Collect every line of the records below that contains the word "ltac".

== Data to examine ==
Content starts

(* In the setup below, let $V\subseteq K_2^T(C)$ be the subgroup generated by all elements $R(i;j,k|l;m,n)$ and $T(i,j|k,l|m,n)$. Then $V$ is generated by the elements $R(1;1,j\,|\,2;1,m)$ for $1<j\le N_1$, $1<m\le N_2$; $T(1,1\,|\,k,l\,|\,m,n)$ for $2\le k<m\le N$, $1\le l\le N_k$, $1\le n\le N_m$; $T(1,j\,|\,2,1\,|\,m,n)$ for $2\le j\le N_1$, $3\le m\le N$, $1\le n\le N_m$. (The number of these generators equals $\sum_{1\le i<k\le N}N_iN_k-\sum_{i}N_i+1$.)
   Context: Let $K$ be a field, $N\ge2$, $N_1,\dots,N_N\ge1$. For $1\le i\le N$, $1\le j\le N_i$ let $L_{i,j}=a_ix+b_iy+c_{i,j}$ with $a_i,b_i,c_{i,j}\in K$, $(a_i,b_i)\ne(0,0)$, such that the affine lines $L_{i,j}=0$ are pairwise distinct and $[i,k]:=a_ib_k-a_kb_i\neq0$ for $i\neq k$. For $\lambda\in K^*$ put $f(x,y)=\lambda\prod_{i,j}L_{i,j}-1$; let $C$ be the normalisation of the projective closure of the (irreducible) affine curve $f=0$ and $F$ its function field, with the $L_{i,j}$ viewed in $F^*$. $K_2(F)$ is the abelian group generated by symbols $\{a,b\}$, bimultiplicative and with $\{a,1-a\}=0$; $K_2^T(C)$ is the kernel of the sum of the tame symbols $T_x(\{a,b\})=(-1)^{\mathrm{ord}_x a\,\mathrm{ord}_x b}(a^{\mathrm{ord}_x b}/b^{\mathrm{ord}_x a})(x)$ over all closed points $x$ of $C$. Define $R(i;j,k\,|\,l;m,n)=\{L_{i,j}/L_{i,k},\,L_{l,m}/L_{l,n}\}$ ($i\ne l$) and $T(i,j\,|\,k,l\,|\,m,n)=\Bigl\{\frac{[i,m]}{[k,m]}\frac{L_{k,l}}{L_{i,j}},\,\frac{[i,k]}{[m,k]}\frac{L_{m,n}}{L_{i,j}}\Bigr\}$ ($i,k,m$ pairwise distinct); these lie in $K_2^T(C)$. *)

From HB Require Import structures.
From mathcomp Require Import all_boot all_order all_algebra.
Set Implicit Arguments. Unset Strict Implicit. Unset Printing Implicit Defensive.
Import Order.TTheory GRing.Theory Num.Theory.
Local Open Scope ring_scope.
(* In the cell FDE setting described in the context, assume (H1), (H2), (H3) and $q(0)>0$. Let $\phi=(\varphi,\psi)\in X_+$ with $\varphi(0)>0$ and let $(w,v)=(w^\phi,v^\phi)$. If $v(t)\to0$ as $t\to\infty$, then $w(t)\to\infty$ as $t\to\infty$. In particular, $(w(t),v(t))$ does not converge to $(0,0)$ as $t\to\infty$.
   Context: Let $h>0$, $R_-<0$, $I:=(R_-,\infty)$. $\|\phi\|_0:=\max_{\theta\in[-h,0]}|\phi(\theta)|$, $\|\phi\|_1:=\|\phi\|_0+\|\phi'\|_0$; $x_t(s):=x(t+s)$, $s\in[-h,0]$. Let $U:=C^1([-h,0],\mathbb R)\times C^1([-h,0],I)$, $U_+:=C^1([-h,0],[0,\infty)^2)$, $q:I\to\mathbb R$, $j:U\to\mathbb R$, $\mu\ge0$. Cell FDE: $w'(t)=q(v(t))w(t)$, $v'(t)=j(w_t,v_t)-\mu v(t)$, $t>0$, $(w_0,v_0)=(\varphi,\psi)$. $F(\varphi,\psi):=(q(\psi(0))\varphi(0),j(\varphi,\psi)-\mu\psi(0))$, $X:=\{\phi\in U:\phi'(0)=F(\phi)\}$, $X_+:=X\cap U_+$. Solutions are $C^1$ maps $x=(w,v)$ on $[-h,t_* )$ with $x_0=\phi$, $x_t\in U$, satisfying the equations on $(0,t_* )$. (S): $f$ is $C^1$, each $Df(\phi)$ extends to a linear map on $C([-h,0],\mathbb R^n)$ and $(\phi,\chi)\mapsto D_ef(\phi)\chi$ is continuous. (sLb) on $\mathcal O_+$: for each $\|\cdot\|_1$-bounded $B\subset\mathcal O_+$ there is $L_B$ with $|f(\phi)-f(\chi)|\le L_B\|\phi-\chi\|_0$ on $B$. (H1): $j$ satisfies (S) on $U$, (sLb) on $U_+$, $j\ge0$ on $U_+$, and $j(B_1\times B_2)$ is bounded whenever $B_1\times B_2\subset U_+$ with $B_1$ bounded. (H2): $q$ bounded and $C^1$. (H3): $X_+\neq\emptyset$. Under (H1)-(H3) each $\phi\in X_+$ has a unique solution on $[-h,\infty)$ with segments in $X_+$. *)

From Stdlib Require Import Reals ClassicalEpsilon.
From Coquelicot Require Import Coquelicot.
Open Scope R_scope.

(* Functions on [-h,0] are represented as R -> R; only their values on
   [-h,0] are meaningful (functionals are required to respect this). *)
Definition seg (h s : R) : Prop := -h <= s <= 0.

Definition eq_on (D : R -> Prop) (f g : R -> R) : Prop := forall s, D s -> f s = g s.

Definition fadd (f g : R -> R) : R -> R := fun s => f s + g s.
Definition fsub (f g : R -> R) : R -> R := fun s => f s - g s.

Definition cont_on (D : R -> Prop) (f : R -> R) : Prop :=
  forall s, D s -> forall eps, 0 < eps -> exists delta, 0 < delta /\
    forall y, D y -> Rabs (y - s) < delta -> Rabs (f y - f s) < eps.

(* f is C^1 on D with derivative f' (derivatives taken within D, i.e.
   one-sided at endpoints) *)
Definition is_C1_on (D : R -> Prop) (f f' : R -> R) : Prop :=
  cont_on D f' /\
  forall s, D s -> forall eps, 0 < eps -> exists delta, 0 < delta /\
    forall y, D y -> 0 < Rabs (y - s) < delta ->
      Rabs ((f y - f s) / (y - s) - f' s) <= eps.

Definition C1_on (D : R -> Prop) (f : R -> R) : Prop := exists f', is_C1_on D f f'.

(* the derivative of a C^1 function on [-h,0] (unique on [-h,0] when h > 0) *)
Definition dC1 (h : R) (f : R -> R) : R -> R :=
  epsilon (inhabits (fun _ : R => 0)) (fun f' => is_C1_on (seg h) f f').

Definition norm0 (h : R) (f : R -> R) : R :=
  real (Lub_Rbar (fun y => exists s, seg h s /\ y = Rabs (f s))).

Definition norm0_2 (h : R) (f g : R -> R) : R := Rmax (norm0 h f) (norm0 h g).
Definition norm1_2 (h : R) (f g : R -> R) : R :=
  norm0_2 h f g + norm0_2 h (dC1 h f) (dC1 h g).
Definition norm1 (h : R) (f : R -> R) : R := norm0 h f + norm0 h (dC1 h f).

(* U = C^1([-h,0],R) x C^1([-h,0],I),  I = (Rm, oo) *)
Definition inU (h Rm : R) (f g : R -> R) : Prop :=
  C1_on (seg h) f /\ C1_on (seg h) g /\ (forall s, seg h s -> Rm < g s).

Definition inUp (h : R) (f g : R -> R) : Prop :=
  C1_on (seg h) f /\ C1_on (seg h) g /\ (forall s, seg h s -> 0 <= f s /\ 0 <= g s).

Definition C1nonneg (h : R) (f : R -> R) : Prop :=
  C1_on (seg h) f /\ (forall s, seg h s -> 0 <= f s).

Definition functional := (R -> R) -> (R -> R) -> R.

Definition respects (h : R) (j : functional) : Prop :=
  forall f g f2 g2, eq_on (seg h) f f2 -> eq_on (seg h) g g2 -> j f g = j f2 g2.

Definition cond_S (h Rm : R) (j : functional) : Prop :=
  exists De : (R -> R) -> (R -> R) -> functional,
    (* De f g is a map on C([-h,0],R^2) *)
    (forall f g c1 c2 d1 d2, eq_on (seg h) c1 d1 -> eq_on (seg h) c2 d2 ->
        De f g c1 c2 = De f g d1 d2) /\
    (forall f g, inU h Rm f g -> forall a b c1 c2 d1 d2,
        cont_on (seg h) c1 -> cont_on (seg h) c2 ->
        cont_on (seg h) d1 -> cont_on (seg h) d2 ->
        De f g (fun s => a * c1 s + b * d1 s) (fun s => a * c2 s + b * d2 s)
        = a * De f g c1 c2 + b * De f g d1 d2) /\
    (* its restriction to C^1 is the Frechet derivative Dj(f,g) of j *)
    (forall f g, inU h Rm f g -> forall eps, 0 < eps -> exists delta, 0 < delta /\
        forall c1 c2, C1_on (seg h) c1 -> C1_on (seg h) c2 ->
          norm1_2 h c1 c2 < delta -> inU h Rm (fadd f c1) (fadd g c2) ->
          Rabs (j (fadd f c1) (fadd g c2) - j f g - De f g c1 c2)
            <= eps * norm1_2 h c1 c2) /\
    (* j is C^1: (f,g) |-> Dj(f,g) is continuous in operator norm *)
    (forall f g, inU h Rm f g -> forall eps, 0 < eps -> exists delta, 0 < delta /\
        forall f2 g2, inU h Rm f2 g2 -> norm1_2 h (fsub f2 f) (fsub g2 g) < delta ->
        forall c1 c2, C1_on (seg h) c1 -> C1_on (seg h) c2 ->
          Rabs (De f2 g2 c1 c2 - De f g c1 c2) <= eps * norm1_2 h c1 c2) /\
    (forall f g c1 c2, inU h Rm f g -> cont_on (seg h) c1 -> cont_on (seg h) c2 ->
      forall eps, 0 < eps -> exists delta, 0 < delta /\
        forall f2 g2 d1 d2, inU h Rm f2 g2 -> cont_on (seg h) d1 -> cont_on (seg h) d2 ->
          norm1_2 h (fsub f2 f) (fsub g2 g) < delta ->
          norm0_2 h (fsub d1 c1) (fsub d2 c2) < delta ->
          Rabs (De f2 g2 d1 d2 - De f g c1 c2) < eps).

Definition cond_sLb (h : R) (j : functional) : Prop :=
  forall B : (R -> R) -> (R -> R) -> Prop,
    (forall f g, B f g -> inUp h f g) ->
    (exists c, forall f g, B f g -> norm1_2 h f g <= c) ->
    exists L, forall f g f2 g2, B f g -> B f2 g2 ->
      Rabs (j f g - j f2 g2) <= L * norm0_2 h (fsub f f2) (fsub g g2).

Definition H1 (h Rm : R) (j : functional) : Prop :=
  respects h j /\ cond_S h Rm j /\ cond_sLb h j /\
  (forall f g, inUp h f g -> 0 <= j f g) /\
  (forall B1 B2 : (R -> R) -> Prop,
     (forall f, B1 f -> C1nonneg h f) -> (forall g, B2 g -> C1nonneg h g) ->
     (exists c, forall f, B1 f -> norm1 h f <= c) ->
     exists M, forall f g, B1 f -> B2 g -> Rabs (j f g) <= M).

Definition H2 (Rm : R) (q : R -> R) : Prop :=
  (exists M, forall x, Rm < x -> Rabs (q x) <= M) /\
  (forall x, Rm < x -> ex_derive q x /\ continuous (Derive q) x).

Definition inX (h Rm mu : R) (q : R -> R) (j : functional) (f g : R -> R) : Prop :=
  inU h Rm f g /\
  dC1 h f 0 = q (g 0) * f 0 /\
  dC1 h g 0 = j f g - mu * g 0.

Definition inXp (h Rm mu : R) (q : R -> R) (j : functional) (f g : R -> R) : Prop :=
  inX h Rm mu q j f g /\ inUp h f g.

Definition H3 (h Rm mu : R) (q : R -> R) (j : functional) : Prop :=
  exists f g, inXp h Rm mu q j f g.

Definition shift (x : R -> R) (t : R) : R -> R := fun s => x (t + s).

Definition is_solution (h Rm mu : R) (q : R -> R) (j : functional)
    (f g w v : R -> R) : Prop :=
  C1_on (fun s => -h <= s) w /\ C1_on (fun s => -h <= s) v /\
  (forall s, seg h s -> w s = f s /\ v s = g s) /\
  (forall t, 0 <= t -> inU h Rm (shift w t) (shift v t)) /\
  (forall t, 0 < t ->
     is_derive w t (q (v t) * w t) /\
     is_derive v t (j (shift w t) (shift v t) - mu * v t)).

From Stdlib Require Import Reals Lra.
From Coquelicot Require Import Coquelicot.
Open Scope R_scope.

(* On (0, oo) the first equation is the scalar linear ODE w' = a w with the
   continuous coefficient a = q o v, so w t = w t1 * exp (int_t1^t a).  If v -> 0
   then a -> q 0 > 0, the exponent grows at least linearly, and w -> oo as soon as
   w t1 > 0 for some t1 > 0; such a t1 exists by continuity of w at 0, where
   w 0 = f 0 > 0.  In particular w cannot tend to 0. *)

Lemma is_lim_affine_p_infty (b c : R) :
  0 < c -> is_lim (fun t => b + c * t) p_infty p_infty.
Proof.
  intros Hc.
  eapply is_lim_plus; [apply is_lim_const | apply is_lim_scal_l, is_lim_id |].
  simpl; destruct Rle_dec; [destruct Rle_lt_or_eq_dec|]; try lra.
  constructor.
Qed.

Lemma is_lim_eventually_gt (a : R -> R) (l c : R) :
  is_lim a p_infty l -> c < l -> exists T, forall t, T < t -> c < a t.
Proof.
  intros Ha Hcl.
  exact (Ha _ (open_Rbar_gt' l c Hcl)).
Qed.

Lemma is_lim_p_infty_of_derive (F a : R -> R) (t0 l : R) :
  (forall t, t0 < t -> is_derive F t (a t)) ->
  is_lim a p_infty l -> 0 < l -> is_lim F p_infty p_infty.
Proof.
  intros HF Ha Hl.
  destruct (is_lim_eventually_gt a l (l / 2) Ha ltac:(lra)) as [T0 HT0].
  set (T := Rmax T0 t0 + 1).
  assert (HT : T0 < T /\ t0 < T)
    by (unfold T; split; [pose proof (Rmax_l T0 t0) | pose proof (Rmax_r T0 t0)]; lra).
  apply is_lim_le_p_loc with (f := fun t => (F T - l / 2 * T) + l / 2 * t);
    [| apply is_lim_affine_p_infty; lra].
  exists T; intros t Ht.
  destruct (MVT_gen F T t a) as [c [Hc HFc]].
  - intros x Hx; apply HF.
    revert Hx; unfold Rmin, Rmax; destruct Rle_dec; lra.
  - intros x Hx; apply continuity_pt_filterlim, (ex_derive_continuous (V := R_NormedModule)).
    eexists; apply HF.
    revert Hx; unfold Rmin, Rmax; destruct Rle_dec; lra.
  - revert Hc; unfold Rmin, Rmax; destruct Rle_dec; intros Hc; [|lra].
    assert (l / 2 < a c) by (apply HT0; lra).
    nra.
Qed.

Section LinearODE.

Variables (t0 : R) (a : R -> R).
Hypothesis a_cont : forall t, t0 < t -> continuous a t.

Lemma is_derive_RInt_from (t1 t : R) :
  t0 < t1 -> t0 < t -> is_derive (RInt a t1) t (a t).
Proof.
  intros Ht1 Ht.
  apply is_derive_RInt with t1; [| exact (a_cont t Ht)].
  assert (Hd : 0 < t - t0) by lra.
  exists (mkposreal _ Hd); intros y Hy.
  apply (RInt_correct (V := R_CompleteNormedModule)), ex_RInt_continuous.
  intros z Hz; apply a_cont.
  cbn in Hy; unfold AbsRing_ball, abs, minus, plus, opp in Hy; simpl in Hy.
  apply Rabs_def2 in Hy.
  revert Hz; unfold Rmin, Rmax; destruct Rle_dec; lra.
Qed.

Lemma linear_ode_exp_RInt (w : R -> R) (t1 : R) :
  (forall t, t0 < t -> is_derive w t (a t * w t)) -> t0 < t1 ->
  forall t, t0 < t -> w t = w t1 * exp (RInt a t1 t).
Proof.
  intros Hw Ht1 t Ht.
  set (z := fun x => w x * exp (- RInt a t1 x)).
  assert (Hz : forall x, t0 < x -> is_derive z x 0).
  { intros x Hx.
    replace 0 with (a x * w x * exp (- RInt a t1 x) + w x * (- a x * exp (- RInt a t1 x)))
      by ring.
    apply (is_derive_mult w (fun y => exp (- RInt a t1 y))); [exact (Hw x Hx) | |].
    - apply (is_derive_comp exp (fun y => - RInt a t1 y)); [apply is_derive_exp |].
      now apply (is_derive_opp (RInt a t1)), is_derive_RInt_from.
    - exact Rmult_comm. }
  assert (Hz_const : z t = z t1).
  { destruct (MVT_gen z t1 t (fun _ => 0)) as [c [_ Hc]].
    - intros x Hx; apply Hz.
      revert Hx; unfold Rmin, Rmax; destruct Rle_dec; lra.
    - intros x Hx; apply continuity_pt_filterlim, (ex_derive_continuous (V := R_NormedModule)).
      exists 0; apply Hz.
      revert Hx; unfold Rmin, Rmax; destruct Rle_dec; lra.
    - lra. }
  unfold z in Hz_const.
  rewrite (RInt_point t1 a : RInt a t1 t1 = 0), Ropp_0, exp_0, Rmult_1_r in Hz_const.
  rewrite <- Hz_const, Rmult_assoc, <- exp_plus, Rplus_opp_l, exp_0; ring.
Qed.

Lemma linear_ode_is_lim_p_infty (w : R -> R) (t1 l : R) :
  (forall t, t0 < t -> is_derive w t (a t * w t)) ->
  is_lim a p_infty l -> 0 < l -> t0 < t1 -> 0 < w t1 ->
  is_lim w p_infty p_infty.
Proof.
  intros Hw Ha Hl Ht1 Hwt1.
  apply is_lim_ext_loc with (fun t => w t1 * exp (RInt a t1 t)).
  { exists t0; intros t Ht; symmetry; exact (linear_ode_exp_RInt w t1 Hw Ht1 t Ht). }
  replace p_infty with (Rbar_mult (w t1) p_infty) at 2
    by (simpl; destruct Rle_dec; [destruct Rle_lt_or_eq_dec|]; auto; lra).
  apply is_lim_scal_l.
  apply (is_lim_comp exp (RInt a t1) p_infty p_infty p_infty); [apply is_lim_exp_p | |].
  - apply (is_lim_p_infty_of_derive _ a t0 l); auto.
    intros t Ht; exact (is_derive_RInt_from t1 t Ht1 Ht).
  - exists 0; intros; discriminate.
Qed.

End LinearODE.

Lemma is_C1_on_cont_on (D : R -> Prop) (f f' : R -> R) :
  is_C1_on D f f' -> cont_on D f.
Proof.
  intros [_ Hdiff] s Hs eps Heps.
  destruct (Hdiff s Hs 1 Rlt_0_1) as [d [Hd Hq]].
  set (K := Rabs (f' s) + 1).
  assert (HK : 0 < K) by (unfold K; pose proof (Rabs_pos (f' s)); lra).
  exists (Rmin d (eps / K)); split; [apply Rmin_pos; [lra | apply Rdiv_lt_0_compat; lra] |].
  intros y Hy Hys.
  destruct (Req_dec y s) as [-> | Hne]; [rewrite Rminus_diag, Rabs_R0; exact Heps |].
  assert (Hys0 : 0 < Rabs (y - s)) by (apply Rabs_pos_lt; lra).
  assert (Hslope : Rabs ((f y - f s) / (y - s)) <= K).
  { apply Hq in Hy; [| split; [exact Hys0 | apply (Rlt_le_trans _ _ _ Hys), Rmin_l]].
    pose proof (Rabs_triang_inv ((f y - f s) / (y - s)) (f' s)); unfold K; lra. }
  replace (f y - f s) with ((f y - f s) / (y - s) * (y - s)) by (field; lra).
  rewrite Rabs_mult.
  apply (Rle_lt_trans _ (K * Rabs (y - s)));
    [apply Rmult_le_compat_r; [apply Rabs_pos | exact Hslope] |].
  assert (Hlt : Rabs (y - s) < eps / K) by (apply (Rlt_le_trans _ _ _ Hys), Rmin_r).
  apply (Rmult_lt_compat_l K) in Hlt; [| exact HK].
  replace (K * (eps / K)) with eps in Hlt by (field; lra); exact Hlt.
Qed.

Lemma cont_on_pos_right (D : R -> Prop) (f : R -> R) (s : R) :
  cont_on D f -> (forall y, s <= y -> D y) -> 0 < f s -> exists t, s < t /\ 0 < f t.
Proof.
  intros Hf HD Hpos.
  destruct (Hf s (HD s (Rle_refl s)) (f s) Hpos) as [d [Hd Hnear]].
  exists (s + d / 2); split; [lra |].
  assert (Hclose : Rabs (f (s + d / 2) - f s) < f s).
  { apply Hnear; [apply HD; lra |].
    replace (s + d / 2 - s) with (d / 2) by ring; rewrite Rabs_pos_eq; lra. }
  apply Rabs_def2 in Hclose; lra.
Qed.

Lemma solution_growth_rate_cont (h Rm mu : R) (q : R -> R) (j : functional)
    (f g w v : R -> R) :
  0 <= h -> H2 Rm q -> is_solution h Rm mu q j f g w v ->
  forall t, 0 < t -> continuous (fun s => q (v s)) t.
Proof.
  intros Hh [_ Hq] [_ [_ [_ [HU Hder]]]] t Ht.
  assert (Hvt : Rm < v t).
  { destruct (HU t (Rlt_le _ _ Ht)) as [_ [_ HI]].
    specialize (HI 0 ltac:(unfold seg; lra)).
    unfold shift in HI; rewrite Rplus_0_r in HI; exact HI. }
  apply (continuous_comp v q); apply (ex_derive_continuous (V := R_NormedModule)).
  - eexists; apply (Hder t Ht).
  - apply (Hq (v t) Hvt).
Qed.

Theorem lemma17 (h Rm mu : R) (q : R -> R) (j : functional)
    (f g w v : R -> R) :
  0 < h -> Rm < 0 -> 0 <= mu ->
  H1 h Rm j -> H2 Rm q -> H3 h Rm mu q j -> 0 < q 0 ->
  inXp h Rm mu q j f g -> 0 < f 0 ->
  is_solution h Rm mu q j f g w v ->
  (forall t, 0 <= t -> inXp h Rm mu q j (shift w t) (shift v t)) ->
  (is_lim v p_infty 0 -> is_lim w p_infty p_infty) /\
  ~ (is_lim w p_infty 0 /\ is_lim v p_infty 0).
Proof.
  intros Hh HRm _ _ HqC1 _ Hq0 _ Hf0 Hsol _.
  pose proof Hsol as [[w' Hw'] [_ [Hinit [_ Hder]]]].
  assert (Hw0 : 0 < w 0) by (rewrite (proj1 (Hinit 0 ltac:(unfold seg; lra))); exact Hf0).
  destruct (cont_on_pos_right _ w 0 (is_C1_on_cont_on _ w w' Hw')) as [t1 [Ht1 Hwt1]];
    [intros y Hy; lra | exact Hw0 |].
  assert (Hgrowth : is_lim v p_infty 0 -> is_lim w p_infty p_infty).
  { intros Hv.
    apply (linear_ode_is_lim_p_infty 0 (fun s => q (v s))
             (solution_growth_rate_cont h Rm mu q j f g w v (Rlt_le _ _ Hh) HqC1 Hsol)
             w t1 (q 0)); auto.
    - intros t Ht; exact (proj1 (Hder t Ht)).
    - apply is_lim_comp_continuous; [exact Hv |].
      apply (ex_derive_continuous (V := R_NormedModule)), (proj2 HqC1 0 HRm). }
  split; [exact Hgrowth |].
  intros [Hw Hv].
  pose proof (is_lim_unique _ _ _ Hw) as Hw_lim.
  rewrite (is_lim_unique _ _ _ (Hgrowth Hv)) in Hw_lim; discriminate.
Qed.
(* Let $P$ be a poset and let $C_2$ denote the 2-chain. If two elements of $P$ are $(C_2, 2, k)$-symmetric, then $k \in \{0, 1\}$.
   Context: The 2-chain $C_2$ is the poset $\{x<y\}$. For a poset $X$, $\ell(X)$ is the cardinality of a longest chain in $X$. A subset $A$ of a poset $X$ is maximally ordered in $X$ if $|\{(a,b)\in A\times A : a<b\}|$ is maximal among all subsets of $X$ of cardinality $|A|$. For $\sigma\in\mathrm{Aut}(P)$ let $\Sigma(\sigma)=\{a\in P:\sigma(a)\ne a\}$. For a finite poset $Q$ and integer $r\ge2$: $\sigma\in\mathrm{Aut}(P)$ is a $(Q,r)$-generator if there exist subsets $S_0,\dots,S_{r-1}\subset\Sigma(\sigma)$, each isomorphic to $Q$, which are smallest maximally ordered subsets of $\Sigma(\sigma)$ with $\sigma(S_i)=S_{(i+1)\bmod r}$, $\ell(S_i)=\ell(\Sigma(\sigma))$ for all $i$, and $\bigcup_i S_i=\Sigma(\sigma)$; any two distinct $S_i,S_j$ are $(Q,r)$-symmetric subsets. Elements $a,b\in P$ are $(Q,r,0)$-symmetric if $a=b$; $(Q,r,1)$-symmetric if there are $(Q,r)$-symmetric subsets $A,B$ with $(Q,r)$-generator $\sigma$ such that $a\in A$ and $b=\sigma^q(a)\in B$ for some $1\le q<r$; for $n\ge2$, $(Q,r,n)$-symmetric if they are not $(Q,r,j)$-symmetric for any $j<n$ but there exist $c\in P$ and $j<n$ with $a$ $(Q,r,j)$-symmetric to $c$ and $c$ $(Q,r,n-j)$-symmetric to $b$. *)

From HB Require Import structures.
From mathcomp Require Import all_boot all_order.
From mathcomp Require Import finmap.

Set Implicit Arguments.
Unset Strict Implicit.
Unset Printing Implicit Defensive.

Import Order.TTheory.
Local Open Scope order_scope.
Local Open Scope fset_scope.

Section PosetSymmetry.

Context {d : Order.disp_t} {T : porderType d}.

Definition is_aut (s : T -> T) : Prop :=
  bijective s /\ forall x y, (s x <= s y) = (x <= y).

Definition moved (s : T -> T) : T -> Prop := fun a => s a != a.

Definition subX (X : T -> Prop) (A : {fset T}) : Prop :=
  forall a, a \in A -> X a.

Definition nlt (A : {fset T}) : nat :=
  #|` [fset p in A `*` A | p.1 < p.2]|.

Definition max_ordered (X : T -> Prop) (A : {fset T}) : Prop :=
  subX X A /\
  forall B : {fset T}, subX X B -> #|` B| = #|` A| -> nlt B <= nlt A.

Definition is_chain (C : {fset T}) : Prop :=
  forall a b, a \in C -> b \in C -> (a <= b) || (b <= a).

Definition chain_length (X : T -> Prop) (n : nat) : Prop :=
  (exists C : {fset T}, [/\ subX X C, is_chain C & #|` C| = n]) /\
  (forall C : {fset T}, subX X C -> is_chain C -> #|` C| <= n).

Content ends

== Written solution ==
  destruct (is_lim_eventually_gt a l (l / 2) Ha ltac:(lra)) as [T0 HT0].
    specialize (HI 0 ltac:(unfold seg; lra)).
  assert (Hw0 : 0 < w 0) by (rewrite (proj1 (Hinit 0 ltac:(unfold seg; lra))); exact Hf0).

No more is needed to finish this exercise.